(* Let $C\subseteq\Pr(\mathbb{T})$ be minimal with respect to being compact, convex, closed under $\hat{}$, and nonempty, and let $\preceq$ be a linear quasi-order on $\mathbb{T}$ such that $s\prec s\,\hat{}\,t$ and $t\prec s\,\hat{}\,t$ for all $s,t\in\mathbb{T}$. Then either (i) for every $\mu\in C$ and every incompatible pair $\sigma<_{\mathrm{lex}}\varsigma$ of finite binary sequences, $\mu$-almost every $t$ satisfies $t/\sigma\prec t/\varsigma$; or (ii) for every $\mu\in C$ and every incompatible pair $\sigma<_{\mathrm{lex}}\varsigma$ of finite binary sequences, $\mu$-almost every $t$ satisfies $t/\varsigma\prec t/\sigma$.
   Context: For $a,b\subseteq(0,1]$ put $a\,\hat{}\,b=\tfrac12 a\cup\tfrac12(b+1)$; $\mathbb{T}$ is the set generated from $\mathbf{1}=\{1\}$ by $\hat{}$ (free binary system on one generator; each $t\neq\mathbf1$ is uniquely $a\,\hat{}\,b$). $\Pr(\mathbb{T})$ is the set of finitely additive probability measures on $\mathbb{T}$, viewed as positive normalized functionals on $\ell^\infty(\mathbb{T})$ with the weak* topology; $(\mu\,\hat{}\,\nu)(f)=\int\int f(x\,\hat{}\,y)\,d\nu(y)\,d\mu(x)$, and $C$ is closed under $\hat{}$ if $\mu\,\hat{}\,\nu\in C$ for $\mu,\nu\in C$. A linear quasi-order is a reflexive transitive relation in which any two elements are comparable; $s\prec t$ means $s\preceq t$ and not $t\preceq s$. For a finite binary sequence $\sigma$, $t/\sigma$ is the subterm at address $\sigma$: $t/\emptyset=t$, $(a\,\hat{}\,b)/0\sigma=a/\sigma$, $(a\,\hat{}\,b)/1\sigma=b/\sigma$ (undefined otherwise). Two sequences are incompatible if neither is an initial segment of the other; $<_{\mathrm{lex}}$ is lexicographic order. ''$\mu$-almost every $t$ satisfies $P$'' means the set of $t$ for which the relevant subterms are defined and $P$ holds has $\mu$-measure $1$. *)

From HB Require Import structures.
From mathcomp Require Import all_boot all_order all_algebra.
From mathcomp Require Import all_classical all_reals all_analysis.
From mathcomp Require Import Rstruct Rstruct_topology.
Set Implicit Arguments. Unset Strict Implicit. Unset Printing Implicit Defensive.
Import Order.TTheory GRing.Theory Num.Theory.
Local Open Scope classical_set_scope.
Local Open Scope ring_scope.

(* The free binary system T on one generator 1: binary trees,
   [leaf] = 1, [node a b] = a ^ b. *)
Inductive tree : Type := leaf | node of tree & tree.

Notation realR := Rdefinitions.R.

Definition bounded_fun (f : tree -> realR) : Prop :=
  exists M : realR, forall x, `|f x| <= M.

(* A finitely additive probability measure on T, viewed as a positive
   normalized linear functional on l^oo(T).  It is encoded as a function on
   all of (tree -> R), normalized to be 0 outside l^oo(T), so that the
   encoding is injective and the topology of pointwise convergence on
   (tree -> R) -> R restricts to the weak* topology. *)
Definition is_mean (phi : (tree -> realR) -> realR) : Prop :=
  [/\ (forall f g, bounded_fun f -> bounded_fun g ->
         phi (fun x => f x + g x) = phi f + phi g),
      (forall (c : realR) f, bounded_fun f -> phi (fun x => c * f x) = c * phi f),
      (forall f, bounded_fun f -> (forall x, 0 <= f x) -> 0 <= phi f),
      phi (fun _ => 1) = 1
    & (forall f, ~ bounded_fun f -> phi f = 0)].

Definition PrT : set ((tree -> realR) -> realR) := [set phi | is_mean phi].

Definition conv (mu nu : (tree -> realR) -> realR) : (tree -> realR) -> realR :=
  fun f => if `[< bounded_fun f >]
           then mu (fun x => nu (fun y => f (node x y))) else 0.

Definition closed_under_conv (C : set ((tree -> realR) -> realR)) : Prop :=
  forall mu nu, C mu -> C nu -> C (conv mu nu).

Definition convex_set (C : set ((tree -> realR) -> realR)) : Prop :=
  forall mu nu (t : realR), C mu -> C nu -> 0 <= t <= 1 ->
    C (fun f => t * mu f + (1 - t) * nu f).

Definition weak_star_compact (C : set ((tree -> realR) -> realR)) : Prop :=
  compact (C : set {ptws (tree -> realR) -> realR}).

Definition good_set (C : set ((tree -> realR) -> realR)) : Prop :=
  [/\ C `<=` PrT, weak_star_compact C, convex_set C, closed_under_conv C
    & C !=set0].

Definition minimal_good (C : set ((tree -> realR) -> realR)) : Prop :=
  good_set C /\ forall D, D `<=` C -> good_set D -> D = C.

Definition meas (mu : (tree -> realR) -> realR) (A : set tree) : realR :=
  mu (\1_A).

Definition ae (mu : (tree -> realR) -> realR) (P : tree -> Prop) : Prop :=
  meas mu [set t | P t] = 1.

Definition linear_quasi_order (le : tree -> tree -> Prop) : Prop :=
  [/\ (forall s, le s s),
      (forall s t u, le s t -> le t u -> le s u)
    & (forall s t, le s t \/ le t s)].
(* Let $n\ge2$ and $B_n=\langle a,b\mid ba=b^n\rangle$. 1. If $\mathsf d$ denotes the Levenshtein distance, then $\mathsf c_{\mathsf d}(B_n)=n-1$; and $B_n$ is half-factorial if and only if $n=2$. 2. For all $k,m\in\mathbb N_0$, \[\mathsf L(a^kb^m)=k+m-q_{m,n}(n-2)+(n-2)\cdot[0,q_{m,n}],\] where $q_{m,n}=\lfloor m/(n-1)\rfloor$ if $(n-1)\nmid m$; $q_{m,n}=\frac{m}{n-1}-1$ if $(n-1)\mid m$ and $m\neq0$; and $q_{m,n}=0$ if $m=0$.
   Context: $B_n$ is the monoid with generators $a,b$ and single relation $ba=b^n$; it is reduced and atomic with atoms $a,b$, and every element is uniquely $a^kb^m$ ($k,m\in\mathbb N_0$). Factorizations are words in the free monoid $\mathcal F^*(\{a,b\})$; $\pi$ maps a word to the element it represents; $\sim=\{(x,y)\mid\pi(x)=\pi(y)\}$. $\mathsf L(x)=\{|z|:\pi(z)=x\}$ (with $\mathsf L(1)=\{0\}$). The Levenshtein distance between words $z,z'$ is the minimal number of substitutions, deletions or insertions of single letters needed to transform $z$ into $z'$. For $x\in B_n$, the catenary degree $\mathsf c_{\mathsf d}(x)$ is the least $N\in\mathbb N_0\cup\{\infty\}$ such that any two factorizations $z,z'$ of $x$ are connected by a chain $z=z_0,\dots,z_r=z'$ of factorizations of $x$ with $\mathsf d(z_{i-1},z_i)\le N$; $\mathsf c_{\mathsf d}(B_n)=\sup_x\mathsf c_{\mathsf d}(x)$. Half-factorial: $|\mathsf L(x)|=1$ for all $x$. Notation: $[u,v]=\{z\in\mathbb Z:u\le z\le v\}$, $d\cdot L=\{dl:l\in L\}$, $m+L=\{m+l:l\in L\}$. *)

From mathcomp Require Import all_boot.
Set Implicit Arguments. Unset Strict Implicit. Unset Printing Implicit Defensive.

(* The two atoms a, b; factorizations are words in the free monoid on {a,b}. *)
Inductive letter := La | Lb.
Definition word := seq letter.

(* Two words are related iff they
   represent the same element of B_n (pi z = pi z'). *)
Inductive cong (n : nat) : word -> word -> Prop :=
| cong_rel (u v : word) : cong n (u ++ [:: Lb; La] ++ v) (u ++ nseq n Lb ++ v)
| cong_refl (z : word) : cong n z z
| cong_sym (z z' : word) : cong n z z' -> cong n z' z
| cong_trans (z1 z2 z3 : word) : cong n z1 z2 -> cong n z2 z3 -> cong n z1 z3.

(* An element x of B_n is given by any word w with pi w = x; the
   factorizations of x are then the words z with cong n w z. *)

Definition akbm (k m : nat) : word := nseq k La ++ nseq m Lb.

Definition lengths (n : nat) (w : word) (l : nat) : Prop :=
  exists z, cong n w z /\ size z = l.

Inductive edit1 : word -> word -> Prop :=
| ed_sub (u v : word) (x y : letter) : edit1 (u ++ x :: v) (u ++ y :: v)
| ed_del (u v : word) (x : letter) : edit1 (u ++ x :: v) (u ++ v)
| ed_ins (u v : word) (x : letter) : edit1 (u ++ v) (u ++ x :: v).

Inductive nedits : nat -> word -> word -> Prop :=
| ned0 (z : word) : nedits 0 z z
| nedS (k : nat) (z y z' : word) : edit1 z y -> nedits k y z' -> nedits k.+1 z z'.

(* d(z,z') <= N, where d is the Levenshtein distance (minimal number of edits). *)
Definition lev_le (N : nat) (z z' : word) : Prop :=
  exists k, k <= N /\ nedits k z z'.

Inductive chain (R : word -> word -> Prop) : word -> word -> Prop :=
| chain_nil (z : word) : chain R z z
| chain_cons (z y z' : word) : R z y -> chain R y z' -> chain R z z'.

Definition catenary_ok (n N : nat) (w : word) : Prop :=
  forall z z', cong n w z -> cong n w z' ->
    chain (fun u v => cong n w v /\ lev_le N u v) z z'.

Definition catenary_degree_elt (n : nat) (w : word) (N : nat) : Prop :=
  catenary_ok n N w /\ forall M, catenary_ok n M w -> N <= M.

Definition half_factorial (n : nat) : Prop :=
  forall w z z', cong n w z -> cong n w z' -> size z = size z'.

Definition qmn (m n : nat) : nat :=
  if m == 0 then 0
  else if (n.-1 %| m) then m %/ n.-1 - 1 else m %/ n.-1.

From mathcomp Require Import all_boot.
From mathcomp Require Import zify.
From Stdlib Require Import Classical.

Set Implicit Arguments.
Unset Strict Implicit.
Unset Printing Implicit Defensive.

(** Every word z can be rewritten by the relation [ba -> b^n] into the normal
    form a^k b^m, where k is the number of leading a's of z and every a after
    the first b contributes n - 1 further b's; (k, m) is invariant under the
    relation, so it classifies factorizations.  One rewriting step is n - 1
    edits (substitute a by b, insert n - 2 b's), which bounds the catenary
    degree by n - 1.  Conversely every edit changes the number of b's by at
    most one, while the factorizations of b^n contain either 1 or n letters b,
    so ba and b^n cannot be joined by a chain of smaller steps.  For lengths,
    a factorization of a^k b^m with j letters a after its first b has length
    k + m - (n - 2) j, and the feasible j form exactly [0, q_{m,n}]. *)

Definition is_a (x : letter) : bool := if x is La then true else false.
Definition is_b (x : letter) : bool := if x is Lb then true else false.

Lemma size_count_ab z : size z = count is_a z + count is_b z.
Proof. by elim: z => [|[] z IH] //=; rewrite IH; lia. Qed.

Lemma edit1_sym x y : edit1 x y -> edit1 y x.
Proof. by case=> u v *; [apply: ed_sub | apply: ed_ins | apply: ed_del]. Qed.

Lemma nedits_rcons k x y z : nedits k x y -> edit1 y z -> nedits k.+1 x z.
Proof.
elim=> [x0 | k' x0 y0 z0 Hxy _ IH] Hyz; last exact: nedS Hxy (IH Hyz).
exact: nedS Hyz (ned0 _).
Qed.

Lemma nedits_sym k x y : nedits k x y -> nedits k y x.
Proof.
elim=> [x0 | k' x0 y0 z0 Hxy _ IH]; first exact: ned0.
exact: nedits_rcons IH (edit1_sym Hxy).
Qed.

Lemma nedits_insert_b j u v : nedits j (u ++ v) (u ++ nseq j Lb ++ v).
Proof.
elim: j u => [|j IH] u; first exact: ned0.
apply: nedS (ed_ins u v Lb) _.
by have := IH (rcons u Lb); rewrite -cats1 -!catA.
Qed.

Lemma edit1_count_b x y : edit1 x y -> count is_b y <= (count is_b x).+1.
Proof. by case=> u v [] *; rewrite !count_cat /=; try case: y0 => /=; lia. Qed.

Lemma nedits_count_b k x y : nedits k x y -> count is_b y <= count is_b x + k.
Proof.
elim=> [x0 | k' x0 y0 z0 Hxy _ IH]; first by rewrite addn0.
by have := edit1_count_b Hxy; lia.
Qed.

Lemma chain_rcons R x y z : chain R x y -> R y z -> chain R x z.
Proof.
elim=> [x0 | x0 y0 z0 Hxy _ IH] Hyz; last exact: chain_cons Hxy (IH Hyz).
exact: chain_cons Hyz (chain_nil _ _).
Qed.

Lemma chain_cat R x y z : chain R x y -> chain R y z -> chain R x z.
Proof. by elim=> [//| x0 y0 z0 Hxy _ IH] /IH; apply: chain_cons. Qed.

Lemma chain_invariant (R : word -> word -> Prop) (P : word -> Prop) x y :
  (forall u v, R u v -> P u -> P v) -> chain R x y -> P x -> P y.
Proof. by move=> RP; elim=> // x0 y0 z0 /RP Hxy _ IH /Hxy. Qed.

Lemma ex_least (P : nat -> Prop) x :
  P x -> exists N, P N /\ forall M, P M -> N <= M.
Proof.
elim/ltn_ind: x => x IH Px.
have [[M [ltMx PM]] | noM] := classic (exists M, M < x /\ P M).
  exact: IH ltMx PM.
exists x; split=> // M PM; rewrite leqNgt; apply/negP => ltMx.
by apply: noM; exists M.
Qed.

Lemma cong2_size w z : cong 2 w z -> size w = size z.
Proof.
elim=> [u v | z0 | z1 z2 _ -> | z1 z2 z3 _ -> _ ->] //.
by rewrite !size_cat.
Qed.

Section NormalForm.

Variable n : nat.
Hypothesis n_ge2 : 2 <= n.

(* [pi z = a^(a_exp z) b^(b_exp z)]: once a b has been read, each later a
   is absorbed through b a = b^n and contributes n - 1 letters b. *)
Definition b_weight (z : word) := count is_b z + n.-1 * count is_a z.

Fixpoint a_exp (z : word) : nat :=
  match z with [::] => 0 | La :: z' => (a_exp z').+1 | Lb :: _ => 0 end.

Fixpoint b_exp (z : word) : nat :=
  match z with [::] => 0 | La :: z' => b_exp z' | Lb :: z' => (b_weight z').+1 end.

Lemma a_exp_nseq_cat k z : a_exp (nseq k La ++ z) = k + a_exp z.
Proof. by elim: k => //= k ->. Qed.

Lemma b_exp_nseq_cat k z : b_exp (nseq k La ++ z) = b_exp z.
Proof. by elim: k. Qed.

Lemma a_exp_akbm k m : a_exp (akbm k m) = k.
Proof. by rewrite /akbm a_exp_nseq_cat; case: m => [|m] /=; rewrite addn0. Qed.

Lemma b_exp_akbm k m : b_exp (akbm k m) = m.
Proof.
rewrite /akbm b_exp_nseq_cat; case: m => [|m] //=.
by rewrite /b_weight !count_nseq /= mul0n muln0 addn0 mul1n.
Qed.

Lemma exps_rel u v :
  a_exp (u ++ [:: Lb; La] ++ v) = a_exp (u ++ nseq n Lb ++ v) /\
  b_exp (u ++ [:: Lb; La] ++ v) = b_exp (u ++ nseq n Lb ++ v).
Proof.
elim: u => [|[] u IH] /=.
- rewrite -(prednK (ltnW n_ge2)) /=; split=> //.
  by rewrite /b_weight /= !count_cat !count_nseq /=; lia.
- by case: IH => -> ->.
- by split=> //; rewrite /b_weight !count_cat !count_nseq /=; lia.
Qed.

Lemma cong_exps w z : cong n w z -> a_exp w = a_exp z /\ b_exp w = b_exp z.
Proof.
elim=> [u v | z0 | z1 z2 _ [-> ->] | z1 z2 z3 _ [-> ->] _ [-> ->]] //.
exact: exps_rel.
Qed.

Lemma redex_or_akbm z :
  (exists u v, z = u ++ [:: Lb; La] ++ v) \/ (exists k m, z = akbm k m).
Proof.
elim: z => [|x z [[u [v ->]] | [k [m ->]]]].
- by right; exists 0, 0.
- by left; exists (x :: u), v.
case: x; first by right; exists k.+1, m.
case: k => [|k]; first by right; exists 0, m.+1.
by left; exists [::], (nseq k La ++ nseq m Lb).
Qed.

Lemma rel_nedits u v : nedits n.-1 (u ++ [:: Lb; La] ++ v) (u ++ nseq n Lb ++ v).
Proof.
have -> : n.-1 = (n - 2).+1 by lia.
have -> : nseq n Lb = [:: Lb; Lb] ++ nseq (n - 2) Lb.
  by rewrite -{1}(subnKC n_ge2).
rewrite -[u ++ [:: Lb; La] ++ v]/(u ++ [:: Lb] ++ La :: v) catA.
apply: nedS (ed_sub _ _ La Lb) _.
by have := nedits_insert_b (n - 2) (u ++ [:: Lb; Lb]) v; rewrite -!catA.
Qed.

Definition catenary_step (N : nat) (w u v : word) := cong n w v /\ lev_le N u v.

Lemma chain_to_akbm w z :
  cong n w z -> chain (catenary_step n.-1 w) z (akbm (a_exp z) (b_exp z)).
Proof.
move Hc: (count is_a z) => c; elim: c z Hc => [|c IH] z Hc Hwz;
  case: (redex_or_akbm z) => [[u [v Ez]] | [k [m ->]]];
  try by rewrite a_exp_akbm b_exp_akbm; apply: chain_nil.
  by move: Hc; rewrite Ez !count_cat /=; lia.
have Hred : cong n w (u ++ nseq n Lb ++ v).
  by apply: cong_trans (cong_rel n u v); rewrite -Ez.
rewrite Ez; have [-> ->] := exps_rel u v.
apply: chain_cons (IH _ _ Hred).
  by split=> //; exists n.-1; split=> //; apply: rel_nedits.
by move: Hc; rewrite Ez !count_cat count_nseq /=; lia.
Qed.

Lemma cong_akbm z : cong n z (akbm (a_exp z) (b_exp z)).
Proof.
apply: chain_invariant (chain_to_akbm (cong_refl n z)) (cong_refl n z).
by move=> u v [].
Qed.

Lemma exps_cong w z : a_exp w = a_exp z -> b_exp w = b_exp z -> cong n w z.
Proof.
move=> Ea Eb; apply: cong_trans (cong_akbm w) _.
by rewrite Ea Eb; apply/cong_sym/cong_akbm.
Qed.

Lemma chain_rev N w x y :
  chain (catenary_step N w) x y -> cong n w x -> chain (catenary_step N w) y x.
Proof.
elim=> [x0 | x0 y0 z0 [Hy [k [leN Hxy]]] _ IH] Hx; first exact: chain_nil.
apply: chain_rcons (IH Hy) _; split=> //.
by exists k; split=> //; apply: nedits_sym.
Qed.

Lemma catenary_ok_pred w : catenary_ok n n.-1 w.
Proof.
move=> z z' Hz Hz'.
have [Ea Eb] := cong_exps (cong_trans (cong_sym Hz) Hz').
apply: chain_cat (chain_to_akbm Hz) _.
by rewrite Ea Eb; apply: chain_rev (chain_to_akbm Hz') _.
Qed.

Lemma count_b_fact_ba v : cong n [:: Lb; La] v -> count is_b v = 1 \/ count is_b v = n.
Proof.
move=> /cong_exps [+ Eb]; case: v Eb => [|[] v] //= [Eb] _.
rewrite /b_weight /= in Eb *.
by case: (count is_a v) Eb => [|[|c]] Eb; nia.
Qed.

Lemma chain_fact_ba_count_b M x y :
  M < n.-1 -> chain (catenary_step M [:: Lb; La]) x y ->
  count is_b x = 1 -> count is_b y = 1.
Proof.
move=> ltM; apply: (chain_invariant (P := fun z => count is_b z = 1)).
by move=> u v [/count_b_fact_ba + [k [leM /nedits_count_b]]]; lia.
Qed.

Lemma size_count_a z : size z + (n - 2) * count is_a z = n.-1 * a_exp z + b_exp z.
Proof.
elim: z => [|[] z IH] /=; first by rewrite !muln0.
  by rewrite mulnDr muln1 mulnS; lia.
rewrite /b_weight size_count_ab muln0 (_ : n.-1 = (n - 2).+1); last lia.
by rewrite mulSn; lia.
Qed.

Lemma a_exp_le_count z : a_exp z <= count is_a z.
Proof. by elim: z => [|[] z IH]. Qed.

Lemma b_exp0_count_a z : b_exp z = 0 -> count is_a z = a_exp z.
Proof. by elim: z => [|[] z IH] //= /IH ->. Qed.

Lemma b_exp_gt0_count_a z :
  0 < b_exp z -> n.-1 * count is_a z < n.-1 * a_exp z + b_exp z.
Proof. by elim: z => [|[] z IH] //= => [/IH|]; rewrite /b_weight; lia. Qed.

(* q_{m,n} is the largest q with q (n - 1) < m. *)
Lemma qmn_bounds m :
  0 < m -> qmn m n * n.-1 < m /\ m <= (qmn m n).+1 * n.-1.
Proof.
move=> m_gt0; rewrite /qmn /dvdn.
have : m %% n.-1 < n.-1 by rewrite ltn_pmod //; lia.
have := divn_eq m n.-1; have -> : (m == 0) = false by lia.
case: (m %/ n.-1) => [|d]; case: (m %% n.-1) => [|r];
  rewrite ?eqxx /=; nia.
Qed.

Lemma size_fact_range z : exists i, i <= qmn (b_exp z) n /\
  size z + qmn (b_exp z) n * (n - 2) = a_exp z + b_exp z + (n - 2) * i.
Proof.
have Hsize := size_count_a z; have Hle := a_exp_le_count z.
set q := qmn (b_exp z) n.
have late_a : count is_a z - a_exp z <= q.
  have [b0 | b_gt0] := posnP (b_exp z); first by rewrite b_exp0_count_a // subnn.
  have := b_exp_gt0_count_a b_gt0; have [_] := qmn_bounds b_gt0.
  rewrite -ltnS -(ltn_pmul2r (_ : 0 < n.-1)); nia.
exists (q - (count is_a z - a_exp z)); split; nia.
Qed.

Lemma fact_of_size k m l i : i <= qmn m n ->
  l + qmn m n * (n - 2) = k + m + (n - 2) * i ->
  exists z, a_exp z = k /\ b_exp z = m /\ size z = l.
Proof.
have [-> | m_gt0] := posnP m.
  rewrite /qmn /= leqn0 => /eqP -> /=; rewrite !muln0 !addn0 => ->.
  by exists (akbm k 0); rewrite a_exp_akbm b_exp_akbm size_cat !size_nseq addn0.
have [Hq _] := qmn_bounds m_gt0; set q := qmn m n in Hq * => le_iq Hl.
(* a^k b a^j b^r with j = q - i late letters a and r = m - 1 - j (n - 1) *)
set j := q - i.
have Hj : j * n.-1 <= m.-1.
  by apply: leq_trans (_ : q * n.-1 <= _); [apply: leq_mul | ]; lia.
exists (nseq k La ++ Lb :: nseq j La ++ nseq (m.-1 - j * n.-1) Lb).
rewrite a_exp_nseq_cat b_exp_nseq_cat /= /b_weight.
rewrite !size_cat !count_cat !size_nseq !count_nseq /=.
split; first lia; split; first by rewrite mulnC; lia.
have Ed : n.-1 = (n - 2).+1 by lia.
rewrite (_ : q = j + i) in Hl; last lia.
rewrite Ed mulnS in Hj *; rewrite mulnDl [(n - 2) * i]mulnC in Hl.
by rewrite size_cat !size_nseq; lia.
Qed.

End NormalForm.

Theorem theorem4p1 (n : nat) (hn : 2 <= n) :
  ((forall w : word, exists N, catenary_degree_elt n w N) /\
   (forall (w : word) (N : nat), catenary_degree_elt n w N -> N <= n - 1) /\
   (exists w : word, catenary_degree_elt n w (n - 1))) /\
  (half_factorial n <-> n = 2) /\
  (forall k m l : nat,
     lengths n (akbm k m) l <->
     exists i, i <= qmn m n /\ l + qmn m n * (n - 2) = k + m + (n - 2) * i).
Proof.
have ok w : catenary_ok n (n - 1) w by rewrite subn1; apply: catenary_ok_pred.
have ba_bn : cong n [:: Lb; La] (nseq n Lb).
  by have := cong_rel n [::] [::]; rewrite /= cats0.
split; [split; [|split] | split].
- by move=> w; apply: ex_least (ok w).
- by move=> w N [_]; apply.
- exists [:: Lb; La]; split=> // M okM; rewrite leqNgt; apply/negP => ltM.
  rewrite subn1 in ltM.
  have := chain_fact_ba_count_b hn ltM (okM _ _ (cong_refl n _) ba_bn) erefl.
  by rewrite count_nseq /=; lia.
- split=> [hf | ->].
    by have := hf _ _ _ (cong_refl n _) ba_bn; rewrite size_nseq.
  by move=> w z z' /cong2_size <- /cong2_size.
- move=> k m l; split=> [[z [Hz <-]] | [i [le_iq Hl]]].
    have [] := cong_exps hn Hz; rewrite a_exp_akbm b_exp_akbm => -> ->.
    exact: size_fact_range.
  have [z [Ea [Eb <-]]] := fact_of_size hn le_iq Hl.
  by exists z; split=> //; apply: exps_cong; rewrite ?a_exp_akbm ?b_exp_akbm.
Qed.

****

What are the lines, exactly as written above, from the line with "Inductive tree : Type" to the line with "(tree -> R) ->", both included? Output only those.

Inductive tree : Type := leaf | node of tree & tree.

Notation realR := Rdefinitions.R.

Definition bounded_fun (f : tree -> realR) : Prop :=
  exists M : realR, forall x, `|f x| <= M.

(* A finitely additive probability measure on T, viewed as a positive
   normalized linear functional on l^oo(T).  It is encoded as a function on
   all of (tree -> R), normalized to be 0 outside l^oo(T), so that the
   encoding is injective and the topology of pointwise convergence on
   (tree -> R) -> R restricts to the weak* topology. *)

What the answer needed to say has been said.